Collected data
::::

(* Let $\bar\tau>0$, let $h$ be any delay kernel as in the context, with Laplace transform $H$, and let $\alpha,\beta\in\mathbb{R}$ with $\beta<\alpha-1$. Then the characteristic equation $$\Big(z+\tfrac{1}{\bar\tau}\Big)^4-\alpha\Big(z+\tfrac{1}{\bar\tau}\Big)^2\tfrac{1}{\bar\tau^2}H(z)^2+\tfrac{\beta}{\bar\tau^4}H(z)^4=0$$ has a positive real root; hence the equilibrium is unstable, regardless of the kernel $h$.
   Context: A delay kernel is either a probability density $h:[0,\infty)\to[0,\infty)$ with $\int_0^\infty h=1$ and finite mean $\tau=\int_0^\infty t\,h(t)\,dt>0$, or the Dirac measure $\delta(t-\tau)$, $\tau>0$. Its Laplace transform is $H(z)=\int_0^\infty h(t)e^{-zt}\,dt$ (for the Dirac measure, $H(z)=e^{-z\tau}$), defined for $\operatorname{Re} z\ge 0$. The displayed equation is the characteristic equation of the linearization at an equilibrium of two coupled Wilson–Cowan excitatory/inhibitory pairs with time constant $\bar\tau>0$ and distributed delays; $\alpha,\beta$ are real coefficients determined by coupling weights and sigmoid slopes. The equilibrium is called unstable if some root has positive real part. *)

From HB Require Import structures.
From mathcomp Require Import all_boot all_order all_algebra.
From mathcomp Require Import all_classical all_reals all_analysis.
Set Implicit Arguments. Unset Strict Implicit. Unset Printing Implicit Defensive.
Import Order.TTheory GRing.Theory Num.Theory.
Import numFieldNormedType.Exports.
Local Open Scope classical_set_scope.
Local Open Scope ring_scope.

(* A delay kernel: either a probability density h on [0,oo), or a Dirac mass at tau. *)
Inductive delay_kernel (R : realType) :=
| Density of (R -> R)
| Dirac of R.

Definition half_line (R : realType) : set R := `[0%R, +oo[%classic.

Definition is_delay_kernel (R : realType) (k : delay_kernel R) : Prop :=
  match k with
  | Density h =>
      measurable_fun ((@half_line R)) h /\
      (forall t, 0 <= t -> 0 <= h t) /\
      (\int[lebesgue_measure]_(t in (@half_line R)) (h t)%:E = 1)%E /\
      (\int[lebesgue_measure]_(t in (@half_line R)) (t * h t)%:E < +oo)%E /\
      (0 < \int[lebesgue_measure]_(t in (@half_line R)) (t * h t)%:E)%E
  | Dirac tau => 0 < tau
  end.

Definition laplace (R : realType) (k : delay_kernel R) (z : R) : R :=
  match k with
  | Density h =>
      fine (\int[lebesgue_measure]_(t in (@half_line R)) (h t * expR (- (z * t)))%:E)
  | Dirac tau => expR (- (z * tau))
  end.

Definition char_fun (R : realType) (taub alpha beta : R) (k : delay_kernel R) (z : R) : R :=
  let w := z + taub^-1 in
  let H := laplace k z in
  w ^+ 4 - alpha * w ^+ 2 * (taub ^+ 2)^-1 * H ^+ 2 + beta / taub ^+ 4 * H ^+ 4.

(* With s := taub * z + 1 and u := H(z)^2, the characteristic function equals
   (s^4 - alpha s^2 u + beta u^2) / taub^4.  Every kernel has H(0) = 1 and
   0 <= H <= 1 on [0, +oo), so the quartic is 1 - alpha + beta < 0 at z = 0 and
   positive once s >= |alpha| + |beta| + 2, whatever u.  H is continuous by
   dominated convergence (h itself dominates h(t) e^(-zt)), and the intermediate
   value theorem yields a positive root. *)

From HB Require Import structures.
From mathcomp Require Import all_boot all_order all_algebra.
From mathcomp Require Import all_classical all_reals all_analysis.
From mathcomp Require Import measurable_realfun lebesgue_integral_under.
From mathcomp Require Import ring lra.
Set Implicit Arguments. Unset Strict Implicit. Unset Printing Implicit Defensive.
Import Order.TTheory GRing.Theory Num.Theory.
Import numFieldNormedType.Exports.
Local Open Scope classical_set_scope.
Local Open Scope ring_scope.

Section laplace_transform.
Variable R : realType.
Notation mu := (@lebesgue_measure R).
Notation halfR := (@half_line R).

Lemma half_line_ge0 (t : R) : halfR t -> 0 <= t.
Proof. by rewrite /half_line /= in_itv /= andbT. Qed.

Lemma measurable_half_line : measurable halfR.
Proof. exact: measurable_itv. Qed.

Lemma continuous_expR_normr_mul (t : R) : continuous (fun z : R => expR (- (`|z| * t))).
Proof.
move=> z; apply: continuous_comp; last exact: continuous_expR.
apply: continuousN; apply: (@continuousM _ _ (fun z : R => `|z|) (fun=> t)).
  exact: norm_continuous.
exact: cst_continuous.
Qed.

Lemma expR_Nmul_ge0_le1 (z t : R) : 0 <= z -> 0 <= t -> 0 <= expR (- (z * t)) <= 1.
Proof. by move=> z0 t0; rewrite expR_ge0 expR_le1 oppr_le0 mulr_ge0. Qed.

Section density.
Variable h : R -> R.
Hypothesis mh : measurable_fun halfR h.
Hypothesis h_ge0 : forall t, 0 <= t -> 0 <= h t.
Hypothesis h_int1 : (\int[mu]_(t in halfR) (h t)%:E = 1)%E.

Let damped (z t : R) := h t * expR (- (z * t)).

Lemma damped_density_ge0_le (z t : R) : 0 <= z -> 0 <= t -> 0 <= damped z t <= h t.
Proof.
move=> z0 t0; have /andP[e0 e1] := expR_Nmul_ge0_le1 z0 t0.
by rewrite mulr_ge0 ?h_ge0 //= ler_piMr ?h_ge0.
Qed.

Lemma measurable_damped_density (z : R) : measurable_fun halfR (damped z).
Proof.
apply: measurable_funM mh _; apply: measurable_funTS.
by apply: measurableT_comp => //; apply: measurableT_comp => //; exact: measurable_funM.
Qed.

Lemma integrable_density : mu.-integrable halfR (EFin \o h).
Proof.
apply/integrableP; split; first exact/measurable_EFinP.
under eq_integral => t /set_mem /half_line_ge0 t0 do rewrite /= ger0_norm ?h_ge0 //.
by rewrite h_int1 ltry.
Qed.

Lemma integrable_damped_density (z : R) : 0 <= z ->
  mu.-integrable halfR (EFin \o damped z).
Proof.
move=> z0; apply: le_integrable integrable_density; first exact: measurable_half_line.
  by apply/measurable_EFinP; exact: measurable_damped_density.
move=> t /half_line_ge0 t0; have /andP[d0 dh] := damped_density_ge0_le z0 t0.
by rewrite lee_fin ger0_norm // ger0_norm ?h_ge0.
Qed.

Lemma continuous_laplace_density_normr :
  continuous (fun z : R => laplace (Density h) `|z|).
Proof.
move=> a.
apply: (@continuity_under_integral R _ _ mu (fun z => damped `|z|) halfR
  measurable_half_line (a - 1) (a + 1) (fun z _ => integrable_damped_density (normr_ge0 z))
  _ h integrable_density).
- apply: aeW => t _ z _.
  apply: (@continuousM _ _ (fun=> h t) (fun z : R => expR (- (`|z| * t)))).
    exact: cst_continuous.
  exact: continuous_expR_normr_mul.
- move=> z _; apply: aeW => t /half_line_ge0 t0.
  have /andP[d0 dh] := damped_density_ge0_le (normr_ge0 z) t0.
  by rewrite ger0_norm.
- by rewrite inE /= in_itv /= gtrBl ltrDl ltr01.
Qed.

Lemma laplace_density0 : laplace (Density h) 0 = 1.
Proof.
rewrite /laplace; under eq_integral do rewrite mul0r oppr0 expR0 mulr1.
by rewrite h_int1.
Qed.

Lemma laplace_density_ge0_le1 (z : R) : 0 <= z -> 0 <= laplace (Density h) z <= 1.
Proof.
move=> z0; rewrite /laplace.
have bnd t : halfR t -> (0 <= (damped z t)%:E)%E /\ ((damped z t)%:E <= (h t)%:E)%E.
  by move=> /half_line_ge0 t0; rewrite !lee_fin; apply/andP/damped_density_ge0_le.
have I_ge0 : (0 <= \int[mu]_(t in halfR) (damped z t)%:E)%E.
  by apply: integral_ge0 => t /bnd[].
have I_le1 : (\int[mu]_(t in halfR) (damped z t)%:E <= 1)%E.
  rewrite -h_int1; apply: ge0_le_integral => //.
  - exact: measurable_half_line.
  - by move=> t /bnd[].
  - by apply/measurable_EFinP; exact: measurable_damped_density.
  - exact/measurable_EFinP.
  - by move=> t /bnd[].
by move: I_ge0 I_le1; case: (\int[mu]_(t in _) _)%E => //= r; rewrite !lee_fin => -> ->.
Qed.

End density.

(* Evaluating at |z| extends H to a function continuous on the whole line,
   which is what the intermediate value theorem consumes. *)
Lemma continuous_laplace_normr (k : delay_kernel R) : is_delay_kernel k ->
  continuous (fun z : R => laplace k `|z|).
Proof.
case: k => [h [mh [h_ge0 [h_int1 _]]]|tau _]; last exact: continuous_expR_normr_mul.
exact: continuous_laplace_density_normr.
Qed.

Lemma laplace0 (k : delay_kernel R) : is_delay_kernel k -> laplace k 0 = 1.
Proof.
case: k => [h [_ [_ [h_int1 _]]]|tau _]; first exact: laplace_density0.
by rewrite /= mul0r oppr0 expR0.
Qed.

Lemma laplace_ge0_le1 (k : delay_kernel R) (z : R) : is_delay_kernel k -> 0 <= z ->
  0 <= laplace k z <= 1.
Proof.
case: k => [h [mh [h_ge0 [h_int1 _]]]|tau tau_gt0] z0.
  exact: laplace_density_ge0_le1.
exact/expR_Nmul_ge0_le1/ltW.
Qed.

End laplace_transform.

Definition char_quartic {R : pzRingType} (alpha beta s u : R) : R :=
  s ^+ 4 - alpha * s ^+ 2 * u + beta * u ^+ 2.

Lemma char_quartic_gt0 (R : realFieldType) (alpha beta s u : R) :
  0 <= u <= 1 -> `|alpha| + `|beta| + 2 <= s -> 0 < char_quartic alpha beta s u.
Proof.
move=> /andP[u_ge0 u_le1] s_ge.
have alpha_u : alpha * u <= `|alpha|.
  apply: le_trans (ler_norm _) _; rewrite normrM (ger0_norm u_ge0).
  exact: ler_piMr.
have beta_u2 : - `|beta| <= beta * u ^+ 2.
  have : `|beta * u ^+ 2| <= `|beta|.
    by rewrite normrM normrX (ger0_norm u_ge0) ler_piMr // exprn_ile1.
  by rewrite ler_norml => /andP[].
have s2_alpha : alpha * s ^+ 2 * u <= s ^+ 2 * `|alpha|.
  by rewrite mulrAC mulrC ler_wpM2l // sqr_ge0.
have a_ge0 := normr_ge0 alpha; have b_ge0 := normr_ge0 beta.
have s2_ge : `|alpha| + `|beta| + 4 <= s ^+ 2 by nra.
rewrite /char_quartic -[4%N]/(2 + 2)%N exprD; nra.
Qed.

Lemma char_funE (R : realType) (taub alpha beta : R) (k : delay_kernel R) (z : R) :
  taub != 0 ->
  char_fun taub alpha beta k z =
  char_quartic alpha beta (taub * z + 1) (laplace k z ^+ 2) / taub ^+ 4.
Proof. by move=> taub_neq0; rewrite /char_fun /char_quartic; field. Qed.

Lemma cvgXn {K : numFieldType} {T : Type} {F : set_system T} {FF : Filter F}
  (f : T -> K) (a : K) (n : nat) : f @ F --> a -> (fun x => f x ^+ n) @ F --> a ^+ n.
Proof.
move=> fa; elim: n => [|n IH].
  by rewrite expr0; under eq_fun do rewrite expr0; exact: cvg_cst.
by rewrite exprS; under eq_fun do rewrite exprS; exact: cvgM.
Qed.

Lemma continuous_char_fun_normr (R : realType) (taub alpha beta : R) (k : delay_kernel R) :
  is_delay_kernel k -> continuous (fun z : R => char_fun taub alpha beta k `|z|).
Proof.
move=> /continuous_laplace_normr cH z; rewrite /char_fun.
repeat first [exact: cH | exact: norm_continuous | exact: cvg_cst
  | apply: cvgD | apply: cvgN | apply: cvgM | apply: cvgXn].
Qed.

Lemma continuous_root_gt0 (R : realType) (f : R -> R) (b : R) :
  continuous f -> 0 <= b -> f 0 < 0 -> 0 < f b -> exists2 x, 0 < x & f x = 0.
Proof.
move=> cf b_ge0 f0_lt0 fb_gt0.
have [x] : exists2 x, x \in `[0, b] & f x = 0.
  apply: IVT => //; first exact: continuous_subspaceT.
  by rewrite ge_min le_max (ltW f0_lt0) (ltW fb_gt0) orbT.
rewrite in_itv /= => /andP[x_ge0 _] fx0.
have fx_nlt0 : ~~ (f x < 0) by rewrite fx0 ltxx.
exists x => //; rewrite lt_neqAle x_ge0 andbT.
by apply: contraNneq fx_nlt0 => <-.
Qed.

Theorem theorem2 (R : realType) (taub alpha beta : R) (k : delay_kernel R) :
  0 < taub -> is_delay_kernel k -> beta < alpha - 1 ->
  exists z : R, 0 < z /\ char_fun taub alpha beta k z = 0.
Proof.
move=> taub_gt0 hk beta_lt.
have taub_neq0 : taub != 0 by rewrite gt_eqF.
have taub4_gt0 : 0 < taub ^+ 4 by rewrite exprn_gt0.
pose f (z : R) := char_fun taub alpha beta k `|z|.
have f0_lt0 : f 0 < 0.
  rewrite /f normr0 char_funE // laplace0 // mulr0 add0r expr1n /char_quartic.
  by rewrite pmulr_llt0 ?invr_gt0 // !expr1n !mulr1; lra.
pose b := (`|alpha| + `|beta| + 1) / taub.
have b_ge0 : 0 <= b by rewrite divr_ge0 ?ltW // addr_ge0.
have fb_gt0 : 0 < f b.
  rewrite /f ger0_norm // char_funE // divr_gt0 // char_quartic_gt0 //.
    have /andP[H0 H1] := laplace_ge0_le1 hk b_ge0.
    by rewrite sqr_ge0 exprn_ile1.
  by rewrite /b mulrC divfK // -!addrA.
have [x x_gt0 fx0] :=
  continuous_root_gt0 (continuous_char_fun_normr hk) b_ge0 f0_lt0 fb_gt0.
by exists x; split; last by rewrite -(gtr0_norm x_gt0).
Qed.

::::

WHAT YOU NEED TO DO -
Would you repeat the lines from the one containing "rewrite /f normr0" through the end of the data, exactly, with nothing before or after them?

ANSWER TO THE EXERCISE -
  rewrite /f normr0 char_funE // laplace0 // mulr0 add0r expr1n /char_quartic.
  by rewrite pmulr_llt0 ?invr_gt0 // !expr1n !mulr1; lra.
pose b := (`|alpha| + `|beta| + 1) / taub.
have b_ge0 : 0 <= b by rewrite divr_ge0 ?ltW // addr_ge0.
have fb_gt0 : 0 < f b.
  rewrite /f ger0_norm // char_funE // divr_gt0 // char_quartic_gt0 //.
    have /andP[H0 H1] := laplace_ge0_le1 hk b_ge0.
    by rewrite sqr_ge0 exprn_ile1.
  by rewrite /b mulrC divfK // -!addrA.
have [x x_gt0 fx0] :=
  continuous_root_gt0 (continuous_char_fun_normr hk) b_ge0 f0_lt0 fb_gt0.
by exists x; split; last by rewrite -(gtr0_norm x_gt0).
Qed.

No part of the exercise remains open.